I don't know exactly how that might work in the scenarios we are discussing though.
* Sun shade/sail near L1 tipped up to 35 degrees to remain still: 5 micron polymer film (1.5-3.5 billion tons or 10-25 million SpaceX Starship launches at 150 tons each) or 50 layer graphene (15 thousand tons or 100 launches). Liquid CO2 ocean forms at 31 C or 88 F, or dry ice glaciers at -78 C or -108 F result in nitrogen atmosphere dropped from 92 times pressure to close to Earth's pressure. Shade rotation can simulate a 24 hour day.
* Comets to increase water and spin rate: 50-100 100 km diameter comets from Kuiper Belt at 30 AU, nuclear rocket using 1% of water to gravitationally slingshot comets by planets over 20-100 years to impact at equator, resulting in 50 day retrograde or 64 day prograde rotation (down from 243 days). Decreases temperature and sulphuric acid enough for microbes to start fixing CO2 and acid.

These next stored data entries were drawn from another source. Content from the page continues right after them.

(* Let $d\ge3$, $\chi^0=c_0(-\mu)^{1-d/2}$ with $c_0\neq0$, and let $\xi^a$ be a timelike vector field with $\nabla_aT_0^{ab}=0$, where $T_0^{ab}=4\chi^0_{\mu\mu}\xi^a\xi^b+2\chi^0_\mu g^{ab}$. Then (i) $\dot\mu/\mu=2D/d$ and $\dot\xi^b=(\dot\mu/\mu)\xi^b-\tfrac12\nabla^b\mu$; (ii) the entropy current $S_0^a:=\partial\chi^0/\partial\xi_a-\xi_bT_0^{ab}=-4\mu\chi^0_{\mu\mu}\xi^a$ satisfies $\nabla_aS_0^a=0$; (iii) if $\nabla_{(a}\xi_{b)}=t\,g_{ab}+s\,\xi_a\xi_b$ for some functions $t,s$, then $s=0$ and $t=D/d$, i.e. $\xi^a$ is a conformal Killing vector field.
   Context: $\mu:=\xi^c\xi_c$, $D:=\nabla_c\xi^c$, $\dot\mu:=\xi^a\nabla_a\mu$, $\dot\xi^b:=\xi^a\nabla_a\xi^b$; subscripts $\mu$ denote derivatives with respect to $\mu$. *)

(* local coordinate formalization on an open subset U of R^d. *)
From Stdlib Require Import Reals Lra Lia.
Open Scope R_scope.

(* A point of R^d in coordinates; only the coordinates 0..d-1 are relevant. *)
Definition pt := nat -> R.

Fixpoint sumd (n : nat) (f : nat -> R) : R :=
  match n with O => 0 | S k => sumd k f + f k end.

Definition kdelta (a b : nat) : R := if Nat.eqb a b then 1 else 0.

Definition upd (x : pt) (c : nat) (h : R) : pt :=
  fun i => if Nat.eqb i c then h else x i.

Definition has_pd (f : pt -> R) (c : nat) (x : pt) (l : R) : Prop :=
  derivable_pt_lim (fun h => f (upd x c h)) (x c) l.

Definition open_set (d : nat) (U : pt -> Prop) : Prop :=
  forall x, U x -> exists eps, 0 < eps /\
    forall y, (forall i, (i < d)%nat -> Rabs (y i - x i) < eps) -> U y.

Definition lorentzian (d : nat) (gx : nat -> nat -> R) : Prop :=
  exists e : nat -> nat -> R,
    forall i j, (i < d)%nat -> (j < d)%nat ->
      sumd d (fun a => sumd d (fun b => gx a b * e i a * e j b)) =
      (if Nat.eqb i j then (if Nat.eqb i 0 then -1 else 1) else 0).

(* g : metric g_ab, ginv : inverse metric g^ab, dg x c a b = partial_c g_ab *)
Definition spacetime (d : nat) (U : pt -> Prop) (g ginv : pt -> nat -> nat -> R)
    (dg : pt -> nat -> nat -> nat -> R) : Prop :=
  open_set d U /\
  forall x, U x ->
    (forall a b, (a < d)%nat -> (b < d)%nat -> g x a b = g x b a) /\
    (forall a c, (a < d)%nat -> (c < d)%nat ->
        sumd d (fun b => g x a b * ginv x b c) = kdelta a c) /\
    lorentzian d (g x) /\
    (forall a b c, (a < d)%nat -> (b < d)%nat -> (c < d)%nat ->
        has_pd (fun y => g y a b) c x (dg x c a b)).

The "hard" parts are getting bots into orbit to blow graphene bubbles to form a honeycomb, and inventing open-ended fusion rockets to avoid containment issues.
5 cm by 50 cm graphene sheet grown in 20 minutes:
https://www.nature.com/articles/srep21152.pdf (warning PDF)
Direct fusion drive:
https://www.sciencedirect.com/science/article/pii/S009457652... (PDF available)

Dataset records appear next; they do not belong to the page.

(* Let $G$ be an execution graph, $T$ a thread and $q$ an await-iteration index of $T$ in $G$. If $t\in[\mathit{start}_G^T(q):\mathit{end}_G^T(q))$, then $P_T(k_G^T(t))$ is not an $\mathtt{await}$ statement.
   Context: Programs. There are finite sets $\mathit{Register}$, $\mathit{Value}$, $\mathit{Location}$; $\mathit{State}=\mathit{Register}\to\mathit{Value}$; an update is a partial map $\mathit{Register}\rightharpoonup\mathit{Value}$, and $(\sigma\ll\mu)(r)=\mu(r)$ if $r\in\mathrm{Dom}(\mu)$, else $\sigma(r)$. Events are reads $R^m(x)$, writes $W^m(x,v)$, fences $F^m$, error $E$. A program consists of finitely many threads $T$, each with a finite statement sequence $P_T(0),\dots,P_T(|P_T|-1)$. A statement is $\mathtt{step}(\epsilon,\delta)$ with $\epsilon:\mathit{State}\to\mathit{Event}$, $\delta:\mathit{State}\times(\mathit{Value}\cup\{\bot\})\to\mathit{Update}$, or $\mathtt{await}(n,\kappa)$ with $n\in\mathbb N$, $\kappa:\mathit{State}\to\{0,1\}$. Syntactic restriction: if $P_T(k)=\mathtt{await}(n,\cdot)$ then $n\le k$ and no $P_T(k')$ with $k'\in[k-n:k)$ is an await. ($[a:b)=\{a,\dots,b-1\}$.) An execution graph $G$ has a set $G.\mathrm E$ of triples $\langle T,t,e\rangle$ and a partial reads-from map $G.\mathrm{rf}$ from reads to writes. Thread-local semantics: $k_G^T(0)=0$, $\sigma_G^T(0)$ fixed; if $k_G^T(t)\ge|P_T|$ or no triple $\langle T,t,\cdot\rangle$ is in $G.\mathrm E$, execution stops ($N_G^T=t$). Otherwise with $S=P_T(k_G^T(t))$: $e_G^T(t)=\epsilon(\sigma_G^T(t))$ for $S=\mathtt{step}(\epsilon,\cdot)$, $F^{\mathrm{rlx}}$ for an await; $v_G^T(t)$ is the value of the write that $G.\mathrm{rf}$ assigns to $\langle T,t,e_G^T(t)\rangle$ if this is a read with defined rf, else $\bot$. For a step: $k_G^T(t+1)=k_G^T(t)+1$; if $e_G^T(t)$ is a read with $v_G^T(t)=\bot$ then $N_G^T=t+1$, $\sigma_G^T(t+1)=\sigma_G^T(t)$, else $\sigma_G^T(t+1)=\sigma_G^T(t)\ll\delta(\sigma_G^T(t),v_G^T(t))$. For $\mathtt{await}(n,\kappa)$: $\sigma_G^T(t+1)=\sigma_G^T(t)$ and $k_G^T(t+1)=k_G^T(t)+1$ if $\kappa(\sigma_G^T(t))=0$, else $k_G^T(t)-n$. Awaits: $\mathit{end}_G^T(0)<\mathit{end}_G^T(1)<\cdots$ enumerate the steps $t$ (with $t<N_G^T$) at which $P_T(k_G^T(t))$ is an await; $\mathit{len}_G^T(q)=n$ where $P_T(k_G^T(\mathit{end}_G^T(q)))=\mathtt{await}(n,\cdot)$; $\mathit{start}_G^T(q)=\mathit{end}_G^T(q)-\mathit{len}_G^T(q)$. *)

From mathcomp Require Import all_boot.
Set Implicit Arguments. Unset Strict Implicit. Unset Printing Implicit Defensive.

Inductive Mode := na | rlx | acq | rel | acqrel | sc.

Section Semantics.
Variables (Register Value Location Thread : finType).

Definition State := Register -> Value.
Definition Update := Register -> option Value.

Definition override (s : State) (mu : Update) : State :=
  fun r => match mu r with Some v => v | None => s r end.

Inductive Event :=
| Read of Mode & Location
| Write of Mode & Location & Value
| Fence of Mode
| Error.

Inductive Stmt :=
| step of (State -> Event) & (State -> option Value -> Update)
| await of nat & (State -> bool).

Definition is_await (S : Stmt) : bool :=
  match S with await _ _ => true | _ => false end.

Record Program := { prog : Thread -> seq Stmt; init : Thread -> State }.

Definition wf_program (P : Program) : Prop :=
  forall T k n kap, onth (prog P T) k = Some (await n kap) ->
    n <= k /\ (forall k', k - n <= k' < k ->
                 forall S, onth (prog P T) k' = Some S -> ~~ is_await S).

(* Execution graph: a set of triples <T,t,e> and a partial reads-from map
   sending (read) triples to write triples <T',t',W^m(x,v)>. *)
Record Graph := {
  gE : Thread -> nat -> Event -> Prop;
  grf : Thread -> nat -> Event -> option (Thread * nat * (Mode * Location * Value))
}.

Variables (P : Program) (G : Graph) (T : Thread).

Definition valOf (t : nat) (e : Event) : option Value :=
  match e with
  | Read _ _ => match grf G T t e with Some (_, _, (_, _, v)) => Some v | None => None end
  | _ => None
  end.

(* (k_G^T(t), sigma_G^T(t)); meaningful for t <= N_G^T. *)
Fixpoint cfg (t : nat) : nat * State :=
  match t with
  | 0 => (0, init P T)
  | t'.+1 =>
    let (k, s) := cfg t' in
    match onth (prog P T) k with
    | None => (k, s)
    | Some (step eps del) =>
        let e := eps s in
        let v := valOf t' e in
        (k.+1, match e, v with
               | Read _ _, None => s
               | _, _ => override s (del s v)
               end)
    | Some (await n kap) => if kap s then (k - n, s) else (k.+1, s)
    end
  end.

Definition kG (t : nat) : nat := (cfg t).1.
Definition sigmaG (t : nat) : State := (cfg t).2.

Definition stmt_at (k : nat) : option Stmt := onth (prog P T) k.

Definition evG (t : nat) : Event :=
  match stmt_at (kG t) with
  | Some (step eps _) => eps (sigmaG t)
  | Some (await _ _) => Fence rlx
  | None => Error
  end.

(* step t is a step-statement reading bot, which makes N_G^T = t+1 *)
Definition read_bot (t : nat) : Prop :=
  (exists eps del, stmt_at (kG t) = Some (step eps del)) /\
  (exists m x, evG t = Read m x) /\ valOf t (evG t) = None.

(* t < N_G^T *)
Definition running (t : nat) : Prop :=
  forall t', t' <= t ->
    [/\ kG t' < size (prog P T),
        (exists e, gE G T t' e) &
        (t' < t -> ~ read_bot t')].

Definition await_step (t : nat) : Prop :=
  running t /\ exists n kap, stmt_at (kG t) = Some (await n kap).

(* is_end q t  <->  end_G^T(q) = t *)
Fixpoint is_end (q t : nat) : Prop :=
  match q with
  | 0 => await_step t /\ forall t', t' < t -> ~ await_step t'
  | q'.+1 => await_step t /\
      exists t0, [/\ is_end q' t0, t0 < t &
                     forall t', t0 < t' < t -> ~ await_step t']
  end.

Definition await_len (t : nat) : nat :=
  match stmt_at (kG t) with Some (await n _) => n | _ => 0 end.

(* start_G^T(q) = end_G^T(q) - len_G^T(q), given end_G^T(q) = te *)
Definition startG (te : nat) : nat := te - await_len te.

End Semantics.

From mathcomp Require Import all_boot.
From mathcomp Require Import zify.

Set Implicit Arguments.
Unset Strict Implicit.
Unset Printing Implicit Defensive.

(* Let [te] execute [await(n0, _)] at program position [k] and suppose some
   step in [te - n0, te) also executes an await; let [t] be the last one, at
   position [j].  Between [t] and [te] the program counter advances by one per
   step, so [k] is either [j + (te - t)] (the await at [j] fell through) or
   [j - n + (te - t - 1)] (it jumped back by its length [n]).  Either one of
   the two awaits lies inside the window of the other, contradicting the
   syntactic restriction, or they are the same statement, whose length would
   then be both [te - t - 1] and at least [te - t]. *)

Lemma last_in_range (p : pred nat) t te :
  t < te -> p t ->
  exists2 s, t <= s < te & p s /\ forall s', s < s' < te -> ~~ p s'.
Proof.
move=> lt_t p_t; pose q s := (t <= s < te) && p s.
have ex_q : exists s, q s by exists t; rewrite /q leqnn lt_t.
have ub_q s : q s -> s <= te by case/andP=> /andP[_ /ltnW].
case: (ex_maxnP ex_q ub_q) => s /andP[range_s p_s] max_s.
exists s => //; split=> // s' /andP[gt_s' lt_s']; apply/negP => p_s'.
have [ge_s _] := andP range_s.
by have := max_s s'; rewrite /q p_s' lt_s' (leq_trans ge_s (ltnW gt_s')) leqNgt gt_s' => /(_ isT).
Qed.

Section AwaitWindow.
Variables (Register Value Location Thread : finType).
Variables (P : Program Register Value Location Thread)
  (G : Graph Value Location Thread) (T : Thread).

Definition await_at (t : nat) : bool :=
  if stmt_at P T (kG P G T t) is Some (await _ _) then true else false.

Lemma await_atP t :
  reflect (exists n kap, stmt_at P T (kG P G T t) = Some (@await Register Value Location n kap))
          (await_at t).
Proof.
rewrite /await_at; case: (stmt_at _ _) => [[e d|n kap]|]; constructor.
- by case=> n [kap].
- by exists n, kap.
- by case=> n [kap].
Qed.

Lemma kG_step t eps del :
  stmt_at P T (kG P G T t) = Some (@step Register Value Location eps del) ->
  kG P G T t.+1 = (kG P G T t).+1.
Proof. by rewrite /stmt_at /kG /=; case: (cfg P G T t) => k s /= ->. Qed.

Lemma kG_await t n kap :
  stmt_at P T (kG P G T t) = Some (@await Register Value Location n kap) ->
  kG P G T t.+1 = if kap (sigmaG P G T t) then kG P G T t - n else (kG P G T t).+1.
Proof.
by rewrite /stmt_at /kG /sigmaG /=; case: (cfg P G T t) => k s /= ->; case: (kap s).
Qed.

Lemma kG_await_free te s :
  running P G T te -> s <= te -> (forall s', s <= s' < te -> ~~ await_at s') ->
  kG P G T te = kG P G T s + (te - s).
Proof.
move=> run_te; elim: te s run_te => [|te IH] s run_te.
  by rewrite leqn0 => /eqP-> _; rewrite addn0.
rewrite leq_eqVlt => /orP[/eqP-> _|s_le_te free]; first by rewrite subnn addn0.
have run_prev : running P G T te.
  move=> t' le_t'; have [? ? not_bot] := run_te t' (leqW le_t').
  by split=> // lt_t'; apply: not_bot; apply: ltnW.
rewrite subSn // addnS -IH //; last by move=> s' /andP[? ?]; apply: free; lia.
have [k_lt _ _] := run_te te (leqnSn te).
have free_te : ~~ await_at te by apply: free; lia.
move: k_lt free_te; rewrite -onthTE /await_at /stmt_at.
case E: (onth _ _) => [[eps del|n kap]|] // _ _.
exact: kG_step E.
Qed.

Hypothesis wfP : wf_program P.

Lemma await_outside_window k n kap j n' kap' :
  stmt_at P T k = Some (@await Register Value Location n kap) ->
  stmt_at P T j = Some (@await Register Value Location n' kap') ->
  j < k -> j < k - n.
Proof.
move=> aw_k aw_j lt_jk; have [_ no_await] := wfP aw_k.
rewrite ltnNge; apply/negP => le_j.
by move: (no_await j (andb_true_intro (conj le_j lt_jk)) _ aw_j).
Qed.

Lemma no_last_await_in_window te n0 kap0 t :
  running P G T te ->
  stmt_at P T (kG P G T te) = Some (@await Register Value Location n0 kap0) ->
  te - n0 <= t < te -> await_at t ->
  (forall s, t < s < te -> ~~ await_at s) -> False.
Proof.
move=> run_te aw_k /andP[ge_t lt_t] /await_atP[n [kap aw_j]] last_t.
have [n0_le_k _] := wfP aw_k.
have [n_le_j _] := wfP aw_j.
have := kG_await_free run_te lt_t last_t; rewrite (kG_await aw_j).
set k := kG P G T te in aw_k n0_le_k *; set j := kG P G T t in aw_j n_le_j *.
case: (kap _) => def_k.
- case: (ltngtP j k) => [lt_jk|lt_kj|eq_jk].
  + by have := await_outside_window aw_k aw_j lt_jk; lia.
  + by have := await_outside_window aw_j aw_k lt_kj; lia.
  + by move: aw_k; rewrite -eq_jk aw_j => -[eq_n _]; lia.
- have lt_jk : j < k by lia.
  by have := await_outside_window aw_k aw_j lt_jk; lia.
Qed.

End AwaitWindow.

Lemma is_end_await_step (Register Value Location Thread : finType)
  (P : Program Register Value Location Thread)
  (G : Graph Value Location Thread) (T : Thread) q te :
  is_end P G T q te -> await_step P G T te.
Proof. by case: q => [|q] []. Qed.

Theorem lemma2 (Register Value Location Thread : finType)
  (P : Program Register Value Location Thread)
  (G : Graph Value Location Thread) (T : Thread) (q te t : nat) :
  wf_program P ->
  is_end P G T q te ->
  startG P G T te <= t < te ->
  forall n kap, stmt_at P T (kG P G T t) <> Some (@await Register Value Location n kap).
Proof.
move=> wfP /is_end_await_step[run_te [n0 [kap0 aw_te]]].
rewrite /startG /await_len aw_te => /andP[ge_t lt_t] n kap aw_t.
have aw_at_t : await_at P G T t by apply/await_atP; exists n, kap.
have [s /andP[ge_s lt_s] [aw_s last_s]] := last_in_range lt_t aw_at_t.
apply: (no_last_await_in_window wfP run_te aw_te _ aw_s last_s).
by rewrite lt_s andbT (leq_trans ge_t ge_s).
Qed.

Magnetic mirror concept for open-ended fusion rocket:
https://en.wikipedia.org/wiki/Magnetic_mirror
Magnetic reconnection thruster:
https://www.youtube.com/watch?v=caM94mem5K4
I think the sun shade is probably how we'll slow global climate change until we can plant the 1-10 trillion trees it will take to reverse it (mechanical carbon capture can't be scaled enough practically), but I digress.
Note that the blocker is actually getting to low Earth orbit (LEO) since delta V is straightforward with ion engines. That will arguably be a solved problem once big "dumb" rockets like Starship scale. I'm a big fan of JP Aerospace's airship to orbit concept and other magnetohydrodynamic (MHD) craft, but it's unclear if they will be able to achieve heavy lift. Aerospike engines and exotic rockets are being evolved by AI currently.
Trees, on the other hand, can scale, and they get their energy from the sun.